> _WHAT IS REQUIRED_:
Among the lines below, take the one holding "counts the edges", the one holding "Definition cycle_weight mX", and all lines between them. Set them down exactly.

> _Dataset entries_:
____

(* Let $n\ge2$ and let $X$ be a simple directed graph with vertex set $[n]$. Let $p,q\in[n]$ satisfy: - $p\to q\in E(X)$; - $q\to p\notin E(X)$; - $\{p,q\}$ is sink-equivalent in $X$. Then $$\mathrm{ODP}(X,\mathrm{Cycle}_n)_{p\to q}=\frac{n\,x}{n-1}\,\mathrm{ODP}(X-q,\mathrm{Cycle}_{n-1}),$$ where $X-q$ is the induced subgraph of $X$ on $[n]\setminus\{q\}$.
   Context: For $n\ge2$, $\mathrm{Cycle}_n$ is the directed multigraph on $[n]$ with edges $i\to i+1$ ($1\le i\le n-1$) and $n\to1$; for $n=2$ its edges are $1\to2$ and $2\to1$. $\mathrm{Cycle}_1$ is a single vertex with no edges. For a simple directed graph $X$, a set $S\subseteq V(X)$ is sink-equivalent if for every $t\notin S$, either $s\to t\in E(X)$ for all $s\in S$, or $s\to t\notin E(X)$ for all $s\in S$. For directed graphs $X,Y$ with $|V(X)|=|V(Y)|$, $\mathrm{DFS}(X,Y)$ has as vertices the bijections $\sigma:V(X)\to V(Y)$. For each $\sigma$ and ordered pair $(a,b)$ of distinct vertices, it has $m_X(a,b)m_Y(\sigma(a),\sigma(b))$ edges from $\sigma$ to $\sigma\circ(a\,b)$, where $m_X(a,b)$ is the number of edges $a\to b$ in $X$. Thus $\mathrm{outdeg}(\sigma)=\sum_{a\ne b}m_X(a,b)m_Y(\sigma(a),\sigma(b))$ and $\mathrm{ODP}(X,Y)=\sum_\sigma x^{\mathrm{outdeg}(\sigma)}$. $\mathrm{ODP}(X,Y)_{a\to b}$ is the sum of $x^{\mathrm{outdeg}(\sigma)}$ over bijections $\sigma$ with $m_Y(\sigma(a),\sigma(b))\ge1$. *)

From HB Require Import structures.
From mathcomp Require Import all_boot all_order all_algebra all_fingroup.
Set Implicit Arguments. Unset Strict Implicit. Unset Printing Implicit Defensive.
Import GRing.Theory.
Local Open Scope ring_scope.

(* Vertices [n] = {1,...,n} are represented by 'I_n = {0,...,n-1} (vertex i+1 <-> i). *)

Definition simple_digraph (n : nat) (X : rel 'I_n) : Prop := irreflexive X.

Definition mult_simple (n : nat) (X : rel 'I_n) (a b : 'I_n) : nat := nat_of_bool (X a b).

Definition cycle_edges (n : nat) : seq (nat * nat) :=
  if (2 <= n)%N then [seq (i, i.+1) | i <- iota 0 n.-1] ++ [:: (n.-1, 0%N)] else [::].

Definition mult_cycle (n : nat) (a b : 'I_n) : nat :=
  count (pred1 (val a, val b)) (cycle_edges n).

Definition outdeg (n : nat) (mX mY : 'I_n -> 'I_n -> nat) (s : {perm 'I_n}) : nat :=
  (\sum_(a : 'I_n) \sum_(b : 'I_n | a != b) mX a b * mY (s a) (s b))%N.

Definition ODP (n : nat) (mX mY : 'I_n -> 'I_n -> nat) : {poly rat} :=
  \sum_(s : {perm 'I_n}) 'X^(outdeg mX mY s).

Definition ODP_edge (n : nat) (mX mY : 'I_n -> 'I_n -> nat) (a b : 'I_n) : {poly rat} :=
  \sum_(s : {perm 'I_n} | (0 < mY (s a) (s b))%N) 'X^(outdeg mX mY s).

Definition sink_equivalent (n : nat) (X : rel 'I_n) (S : {set 'I_n}) : Prop :=
  forall t, t \notin S ->
    (forall s, s \in S -> X s t) \/ (forall s, s \in S -> ~~ X s t).

(* Induced subgraph X - q on [n] \ {q}, relabelled onto 'I_(n-1) via the
   order-preserving bijection lift q : 'I_(n.-1) -> [n] \ {q}. *)
Definition delete_vertex (n : nat) (X : rel 'I_n) (q : 'I_n) : rel 'I_(n.-1) :=
  fun a b => X (lift q a) (lift q b).

From HB Require Import structures.
From mathcomp Require Import all_boot all_order all_algebra all_fingroup zify.
Import GRing.Theory.
Local Open Scope ring_scope.
Set Implicit Arguments. Unset Strict Implicit. Unset Printing Implicit Defensive.

(* A bijection places the vertices of X around the cycle, and its out-degree
   counts the edges a -> b of X such that b sits right after a.  Rotating the
   cycle preserves the out-degree, so both sides can be computed with q at the
   last position, at the price of a factor n on the left and n - 1 on the
   right.  When q is last and p second to last, deleting q and closing up the
   cycle is a bijection onto the placements of X - q with p last: the edge
   p -> q is lost, and q -> f (f the first vertex) is traded for p -> f, which
   has the same status because {p, q} is sink-equivalent and q -/-> p.  So each
   term on the left is x times a term on the right. *)

Lemma val_addZp1 k (a : 'I_k.+1) : val (a + Zp1) = ((val a).+1 %% k.+1)%N.
Proof. by rewrite /= modnDmr addn1. Qed.

Lemma cycle_edgesE n : (2 <= n)%N ->
  cycle_edges n = [seq (i, i.+1 %% n)%N | i <- iota 0 n].
Proof.
case: n => [|n] // n_gt1; rewrite /cycle_edges n_gt1 -[n.+1.-1]/n.
rewrite -[in RHS]addn1 iotaD map_cat /= add0n addn1 modnn; congr (_ ++ _).
apply/eq_in_map => i.
by rewrite mem_iota => /andP[_ lt_i_n]; rewrite modn_small.
Qed.

(* [a != b] matters only for k = 0, where Zp1 = 0 but Cycle_1 has no loop. *)
Lemma mult_cycleE k (a b : 'I_k.+1) : a != b -> mult_cycle a b = (b == a + Zp1).
Proof.
case: k a b => [|k] a b; first by rewrite !ord1.
move=> _; rewrite /mult_cycle cycle_edgesE // -val_eqE val_addZp1 count_uniq_mem; last first.
  by rewrite map_inj_uniq ?iota_uniq // => i j [].
congr nat_of_bool; apply/mapP/eqP => [[i _ [<- <-]] // | b_succ].
by exists (val a); rewrite ?mem_iota ?b_succ /=.
Qed.

Section CycleWeight.

Variable k : nat.
Implicit Types (s : {perm 'I_k.+1}) (a b c : 'I_k.+1) (mX : 'I_k.+1 -> 'I_k.+1 -> nat).

Definition cycle_succ s a : 'I_k.+1 := (s^-1)%g (s a + Zp1).

Definition cycle_weight mX s : nat := \sum_a mX a (cycle_succ s a).

Lemma cycle_succE s a b : (b == cycle_succ s a) = (s b == s a + Zp1).
Proof. by rewrite /cycle_succ; apply/eqP/eqP => [->|<-]; rewrite ?permKV ?permK. Qed.

Lemma outdeg_cycle mX s : (forall a, mX a a = 0%N) ->
  outdeg mX (@mult_cycle k.+1) s = cycle_weight mX s.
Proof.
move=> mX_loopless; apply: eq_bigr => a _.
transitivity (\sum_b mX a b * (b == cycle_succ s a))%N.
  rewrite [RHS](bigD1 a) //= mX_loopless add0n.
  apply: eq_big => [b | b a_neq_b]; first by rewrite eq_sym.
  by rewrite mult_cycleE ?(inj_eq perm_inj) // cycle_succE.
rewrite (bigD1 (cycle_succ s a)) //= eqxx muln1 big1 ?addn0 //.
by move=> b /negbTE ->; rewrite muln0.
Qed.

Definition rot c : {perm 'I_k.+1} := perm (addIr c).

Lemma rotE c a : rot c a = a + c.
Proof. by rewrite permE. Qed.

Lemma cycle_succ_rot s c : cycle_succ (s * rot c) =1 cycle_succ s.
Proof.
move=> a; apply/esym/eqP; rewrite cycle_succE !permM !rotE addrAC (inj_eq (addIr c)).
by rewrite -cycle_succE.
Qed.

Lemma cycle_weight_rot mX s c : cycle_weight mX (s * rot c) = cycle_weight mX s.
Proof. by apply: eq_bigr => a _; rewrite cycle_succ_rot. Qed.

Lemma sum_rot_invariant (V : nmodType) (P : pred {perm 'I_k.+1})
    (F : {perm 'I_k.+1} -> V) q :
    (forall s c, P (s * rot c)%g = P s) -> (forall s c, F (s * rot c)%g = F s) ->
  \sum_(s | P s) F s = (\sum_(s | P s && (s q == ord_max)) F s) *+ k.+1.
Proof.
move=> P_rot F_rot; rewrite (partition_big (fun s => s q) xpredT) //=.
rewrite -[X in _ *+ X](card_ord k.+1) -sumr_const; apply: eq_bigr => j _.
rewrite (reindex_inj (mulIg (rot (j - ord_max)))); apply: eq_big => [s|s _] //.
by rewrite P_rot permM rotE (can2_eq (addrK _) (subrK _)) subKr.
Qed.

Lemma ODP_cycle mX q : (forall a, mX a a = 0%N) ->
  ODP mX (@mult_cycle k.+1) =
    (\sum_(s : {perm 'I_k.+1} | s q == ord_max) 'X^(cycle_weight mX s)) *+ k.+1.
Proof.
move=> mX_loopless; rewrite /ODP (eq_bigr (fun s => 'X^(cycle_weight mX s))).
  by rewrite (sum_rot_invariant (P := xpredT) q) // => s c; rewrite cycle_weight_rot.
by move=> s _; rewrite outdeg_cycle.
Qed.

Lemma ODP_edge_cycle mX p q : p != q -> (forall a, mX a a = 0%N) ->
  ODP_edge mX (@mult_cycle k.+1) p q =
    (\sum_(s : {perm 'I_k.+1} | (s q == s p + Zp1) && (s q == ord_max))
       'X^(cycle_weight mX s)) *+ k.+1.
Proof.
move=> p_neq_q mX_loopless; rewrite /ODP_edge -sum_rot_invariant.
- apply: eq_big => [s | s _]; last by rewrite outdeg_cycle.
  by rewrite mult_cycleE ?(inj_eq perm_inj) // lt0b.
- by move=> s c; rewrite !permM !rotE addrAC (inj_eq (addIr c)).
- by move=> s c; rewrite cycle_weight_rot.
Qed.

End CycleWeight.

Section UnliftPerm.

Variable n : nat.
Implicit Types (i j : 'I_n.+1) (s : {perm 'I_n.+1}) (t : {perm 'I_n}).

Definition unlift_perm_fun i s (k : 'I_n) : 'I_n :=
  odflt k (unlift (s i) (s (lift i k))).

Lemma lift_unlift_perm_fun i s k : lift (s i) (unlift_perm_fun i s k) = s (lift i k).
Proof.
have := neq_lift i k; rewrite -(inj_eq (@perm_inj _ s)).
by rewrite /unlift_perm_fun => /unlift_some[k' -> ->].
Qed.

Lemma unlift_perm_fun_inj i s : injective (unlift_perm_fun i s).
Proof.
move=> k1 k2 /(congr1 (lift (s i))); rewrite !lift_unlift_perm_fun.
by move/perm_inj/lift_inj.
Qed.

Definition unlift_perm i s : {perm 'I_n} := perm (@unlift_perm_fun_inj i s).

Lemma unlift_permK i j t : unlift_perm i (lift_perm i j t) = t.
Proof.
apply/permP => k; apply: (@lift_inj _ j); rewrite permE.
have := lift_unlift_perm_fun i (lift_perm i j t) k.
by rewrite lift_perm_id lift_perm_lift.
Qed.

Lemma unlift_permKV i s : lift_perm i (s i) (unlift_perm i s) = s.
Proof.
apply/permP => k; case: (unliftP i k) => [k'|] ->; last by rewrite lift_perm_id.
by rewrite lift_perm_lift permE lift_unlift_perm_fun.
Qed.

Lemma big_lift_perm (R : Type) (idx : R) (op : Monoid.com_law idx) i j
    (F : {perm 'I_n.+1} -> R) :
  \big[op/idx]_(s : {perm 'I_n.+1} | s i == j) F s =
    \big[op/idx]_(t : {perm 'I_n}) F (lift_perm i j t).
Proof.
rewrite (reindex (lift_perm i j)); last first.
  exists (unlift_perm i) => [t _ | s /eqP <-]; first exact: unlift_permK.
  exact: unlift_permKV.
by apply: eq_bigl => t; rewrite lift_perm_id eqxx.
Qed.

End UnliftPerm.

Lemma ord_max_addZp1 k : (ord_max : 'I_k.+1) + Zp1 = ord0.
Proof. by apply: val_inj; rewrite val_addZp1 modnn. Qed.

Lemma val_lift_max m (y : 'I_m.+1) : val (lift (ord_max : 'I_m.+2) y) = val y.
Proof. exact: lift_max. Qed.

Lemma lift_max_addZp1 m (y : 'I_m.+1) :
  lift ord_max y + Zp1 =
    (if y == ord_max then ord_max else lift ord_max (y + Zp1)) :> 'I_m.+2.
Proof.
case: eqP => [-> | /eqP y_neq_max]; apply: val_inj.
  by rewrite val_addZp1 val_lift_max modn_small.
have y_lt_m : (y < m)%N by rewrite ltn_neqAle -ltnS ltn_ord andbT.
by rewrite val_addZp1 !val_lift_max val_addZp1 !modn_small // ltnS // ltnW.
Qed.

Section LiftedCycle.

Variables (m : nat) (q : 'I_m.+2) (t : {perm 'I_m.+1}).

Lemma cycle_succ_lift_perm a :
  cycle_succ (lift_perm q ord_max t) (lift q a) =
    if t a == ord_max then q else lift q (cycle_succ t a).
Proof.
rewrite /cycle_succ lift_perm_lift lift_max_addZp1 lift_permV.
by case: ifP => _; rewrite ?lift_perm_id ?lift_perm_lift.
Qed.

Lemma cycle_succ_lift_perm_id p' : t p' = ord_max ->
  cycle_succ (lift_perm q ord_max t) q = lift q (cycle_succ t p').
Proof.
move=> t_p'; rewrite /cycle_succ lift_perm_id t_p' !ord_max_addZp1 lift_permV.
have -> : ord0 = lift ord_max (ord0 : 'I_m.+1) by apply: val_inj; rewrite val_lift_max.
by rewrite lift_perm_lift.
Qed.

Lemma cycle_weight_lift_perm (mX : 'I_m.+2 -> 'I_m.+2 -> nat) p' : t p' = ord_max ->
  (cycle_weight mX (lift_perm q ord_max t) + mX (lift q p') (lift q (cycle_succ t p')) =
   cycle_weight (fun a b => mX (lift q a) (lift q b)) t
     + mX (lift q p') q + mX q (lift q (cycle_succ t p')))%N.
Proof.
move=> t_p'; rewrite /cycle_weight (bigD1_ord q) //= (bigD1 p') //=.
rewrite [in RHS](bigD1 p') //=.
rewrite (cycle_succ_lift_perm_id t_p') cycle_succ_lift_perm t_p' eqxx.
rewrite (eq_bigr (fun a => mX (lift q a) (lift q (cycle_succ t a)))); last first.
  move=> a a_neq_p'; rewrite cycle_succ_lift_perm -t_p' (inj_eq perm_inj).
  by rewrite (negbTE a_neq_p').
set rest := \sum_(a | a != p') _.
lia.
Qed.

End LiftedCycle.

Lemma sink_equivalent_pair_out n (X : rel 'I_n) p q :
  irreflexive X -> ~~ X q p -> sink_equivalent X [set p; q] ->
  forall b, b != q -> X q b = X p b.
Proof.
move=> X_irr nXqp sinkE b b_neq_q; have [-> | b_neq_p] := eqVneq b p.
  by rewrite X_irr (negbTE nXqp).
have : b \notin [set p; q] by rewrite !inE negb_or b_neq_p.
by case/sinkE => Xb; rewrite ?(negbTE (Xb _ _)) ?Xb // !inE eqxx ?orbT.
Qed.

Section DeleteVertex.

Variables (m : nat) (X : rel 'I_m.+2) (q : 'I_m.+2) (p' : 'I_m.+1).
Hypotheses (Xpq : X (lift q p') q) (Xq_out : forall b, b != q -> X q b = X (lift q p') b).

Lemma cycle_weight_delete_vertex (t : {perm 'I_m.+1}) : t p' = ord_max ->
  cycle_weight (mult_simple X) (lift_perm q ord_max t) =
    (cycle_weight (mult_simple (delete_vertex X q)) t).+1.
Proof.
move=> t_p'; have := cycle_weight_lift_perm q (mult_simple X) t_p'.
rewrite /mult_simple /delete_vertex Xpq Xq_out 1?eq_sym ?neq_lift //=.
lia.
Qed.

Lemma sum_edge_delete_vertex :
  \sum_(s : {perm 'I_m.+2} | (s q == s (lift q p') + Zp1) && (s q == ord_max))
     'X^(cycle_weight (mult_simple X) s) =
  'X * \sum_(t : {perm 'I_m.+1} | t p' == ord_max)
     'X^(cycle_weight (mult_simple (delete_vertex X q)) t) :> {poly rat}.
Proof.
rewrite (eq_bigl _ _ (fun s => andbC _ _)) big_mkcondr big_lift_perm.
rewrite mulr_sumr [RHS]big_mkcond; apply: eq_bigr => t _.
rewrite lift_perm_id lift_perm_lift lift_max_addZp1.
have [t_p' | t_p'_neq] := eqVneq (t p') ord_max.
  by rewrite eqxx cycle_weight_delete_vertex // exprS.
by rewrite (negbTE (neq_lift _ _)).
Qed.

End DeleteVertex.

Theorem mainTheorem15 (n : nat) (X : rel 'I_n) (p q : 'I_n) :
  (2 <= n)%N ->
  simple_digraph X ->
  X p q ->
  ~~ X q p ->
  sink_equivalent X [set p; q] ->
  ODP_edge (mult_simple X) (@mult_cycle n) p q =
    ((n%:R / (n.-1)%:R : rat) *: ('X * ODP (mult_simple (delete_vertex X q)) (@mult_cycle n.-1))).
Proof.
case: n X p q => [|[|m]] X p q // _ X_irr Xpq nXqp sinkE.
have p_neq_q : p != q by apply: contraTneq Xpq => ->; rewrite X_irr.
have [p' p_def | p_eq_q] := unliftP q p; last by rewrite p_eq_q eqxx in p_neq_q.
have X_loopless a : mult_simple X a a = 0%N by rewrite /mult_simple X_irr.
rewrite ODP_edge_cycle // (ODP_cycle (k := m) p') => [|a]; last exact: X_loopless.
rewrite p_def sum_edge_delete_vertex -?p_def //; last first.
  by move=> b; apply: sink_equivalent_pair_out.
by rewrite mulrnAr -!scaler_nat scalerA divfK // Num.Theory.pnatr_eq0.
Qed.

____

> _RESULT OF THE TASK_:
   counts the edges a -> b of X such that b sits right after a.  Rotating the
   cycle preserves the out-degree, so both sides can be computed with q at the
   last position, at the price of a factor n on the left and n - 1 on the
   right.  When q is last and p second to last, deleting q and closing up the
   cycle is a bijection onto the placements of X - q with p last: the edge
   p -> q is lost, and q -> f (f the first vertex) is traded for p -> f, which
   has the same status because {p, q} is sink-equivalent and q -/-> p.  So each
   term on the left is x times a term on the right. *)

Lemma val_addZp1 k (a : 'I_k.+1) : val (a + Zp1) = ((val a).+1 %% k.+1)%N.
Proof. by rewrite /= modnDmr addn1. Qed.

Lemma cycle_edgesE n : (2 <= n)%N ->
  cycle_edges n = [seq (i, i.+1 %% n)%N | i <- iota 0 n].
Proof.
case: n => [|n] // n_gt1; rewrite /cycle_edges n_gt1 -[n.+1.-1]/n.
rewrite -[in RHS]addn1 iotaD map_cat /= add0n addn1 modnn; congr (_ ++ _).
apply/eq_in_map => i.
by rewrite mem_iota => /andP[_ lt_i_n]; rewrite modn_small.
Qed.

(* [a != b] matters only for k = 0, where Zp1 = 0 but Cycle_1 has no loop. *)
Lemma mult_cycleE k (a b : 'I_k.+1) : a != b -> mult_cycle a b = (b == a + Zp1).
Proof.
case: k a b => [|k] a b; first by rewrite !ord1.
move=> _; rewrite /mult_cycle cycle_edgesE // -val_eqE val_addZp1 count_uniq_mem; last first.
  by rewrite map_inj_uniq ?iota_uniq // => i j [].
congr nat_of_bool; apply/mapP/eqP => [[i _ [<- <-]] // | b_succ].
by exists (val a); rewrite ?mem_iota ?b_succ /=.
Qed.

Section CycleWeight.

Variable k : nat.
Implicit Types (s : {perm 'I_k.+1}) (a b c : 'I_k.+1) (mX : 'I_k.+1 -> 'I_k.+1 -> nat).

Definition cycle_succ s a : 'I_k.+1 := (s^-1)%g (s a + Zp1).

Definition cycle_weight mX s : nat := \sum_a mX a (cycle_succ s a).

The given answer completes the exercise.